WHAT THE EXERCISE ASKS | Your answer should show every line of the material below that includes "Lemma".

DATA TO EXAMINE |
Lemma det_col_mx_expand (X : 'M[L]_(s, s + r)) (Y : 'M[L]_(r, s + r)) :
  \det (col_mx X Y) = \sum_(c : s.-tuple 'I_(s + r))
    (\prod_i X i (tnth c i)) * \det (col_mx (rowsub (tnth c) 1%:M) Y).
Proof.
pose top (p : 'S_(s + r)) := [tuple p (lshift r i) | i < s].
have prod_sel (c : s.-tuple _) (p : 'S_(s + r)) :
    \prod_i col_mx (rowsub (tnth c) 1%:M) Y (lshift r i) (p (lshift r i))
      = (c == top p)%:R.
  have [->|neq_c] := eqVneq c (top p).
    by apply: big1 => i _; rewrite col_mxEu !mxE tnth_mktuple eqxx.
  have /existsP[i neq_i] : [exists i, tnth c i != p (lshift r i)].
    apply: contraR neq_c => /existsPn eq_c; apply/eqP/eq_from_tnth => i.
    by rewrite tnth_mktuple; apply/eqP/negPn/eq_c.
  by rewrite (bigD1 i) //= col_mxEu !mxE (negbTE neq_i) mul0r.
rewrite /determinant; under [RHS]eq_bigr => c _ do rewrite big_distrr.
rewrite exchange_big; apply: eq_bigr => p _ /=.
rewrite (bigD1 (top p)) //= [X in _ + X]big1 ?addr0 => [|c neq_c]; last first.
  by rewrite big_split_ord /= prod_sel (negbTE neq_c) !mul0r !mulr0.
rewrite !big_split_ord /= prod_sel eqxx mul1r mulrCA; congr (_ * (_ * _)).
- by apply: eq_bigr => i _; rewrite col_mxEu tnth_mktuple.
- by apply: eq_bigr => i _; rewrite !col_mxEd.
Qed.

Lemma det_col_mx_row_perm (p : 'S_s) (X : 'M[L]_(s, s + r)) (Y : 'M[L]_(r, s + r)) :
  \det (col_mx (row_perm p X) Y) = (-1) ^+ p * \det (col_mx X Y).
Proof.
have -> : col_mx (row_perm p X) Y = block_mx (perm_mx p) 0 0 1%:M *m col_mx X Y.
  by rewrite mul_block_col !mul0mx mul1mx addr0 add0r row_permE.
by rewrite det_mulmx det_ublock det1 mulr1 det_perm.
Qed.
Theorem mainTheorem3 (R : realType) (d : measure_display) (Omega : measurableType d)
    (P : probability Omega R) (n T : nat) (nu : R)
    (mhat m : nat -> 'I_n -> Omega -> R) :
  (2 <= n)%N ->
  ln (n%:R : R) <= T%:R ->
  0 <= nu -> nu <= 1 ->
  (forall t i, measurable_fun setT (mhat t i)) ->
  (forall t i, (t < T)%N -> P.-integrable setT (EFin \o mhat t i)) ->
  (forall t i, (t < T)%N -> forall B : set R, measurable B ->
      past_sigma mhat t (m t i @^-1` B)) ->
  (forall t i, (t < T)%N -> forall A, past_sigma mhat t A ->
      (\int[P]_(x in A) (mhat t i x)%:E = \int[P]_(x in A) (m t i x)%:E)%E) ->
  (forall t i x, (t < T)%N -> -1 <= m t i x <= 1) ->
  (forall t i, (t < T)%N -> forall s : R, forall A, past_sigma mhat t A ->
      (\int[P]_(x in A) (expR (s * (mhat t i x - m t i x)))%:E
         <= (expR (s ^+ 2 * nu ^+ 2 / 2))%:E * P A)%E) ->
  forall i : 'I_n,
    let eta := Num.sqrt (ln n%:R / T%:R) in
    (\int[P]_x (\sum_(t < T) \sum_(j < n) m t j x * hedge_p eta mhat t j x)%:E
      <= \int[P]_x (\sum_(t < T) m t i x)%:E
         + (4 * Num.sqrt (T%:R * ln n%:R))%:E)%E.
Proof.
move=> n_ge2 ln_le_T nu_ge0 nu_le1 measurable_mhat integrable_mhat m_past
  conditional_mean m_bound subgaussian i; cbv zeta.
set eta := Num.sqrt (ln n%:R / T%:R).
have n_gt0 : (0 < n)%N by exact: leq_trans n_ge2.
have ln_gt0 : 0 < ln (n%:R : R) by rewrite ln_gt0 // ltr1n.
have T_gt0 : 0 < (T%:R : R) := lt_le_trans ln_gt0 ln_le_T.
have [eta_le_half | eta_gt_half] := leP eta (1/2).
- have eta_gt0 : 0 < eta by rewrite sqrtr_gt0 divr_gt0.
  apply: le_trans (hedge_regret_le n_gt0 measurable_mhat m_past m_bound eta_gt0
    eta_le_half subgaussian integrable_mhat conditional_mean i) _.
  by apply: leeD2l; rewrite lee_fin; exact: hedge_rate_le.
- apply: le_trans (hedge_regret_le_trivial P eta n_gt0 measurable_mhat m_past m_bound i) _.
  by apply: leeD2l; rewrite lee_fin; exact: hedge_rate_le_trivial eta_gt_half.
Qed.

ANSWER BELOW |
Lemma det_col_mx_expand (X : 'M[L]_(s, s + r)) (Y : 'M[L]_(r, s + r)) :
Lemma det_col_mx_row_perm (p : 'S_s) (X : 'M[L]_(s, s + r)) (Y : 'M[L]_(r, s + r)) :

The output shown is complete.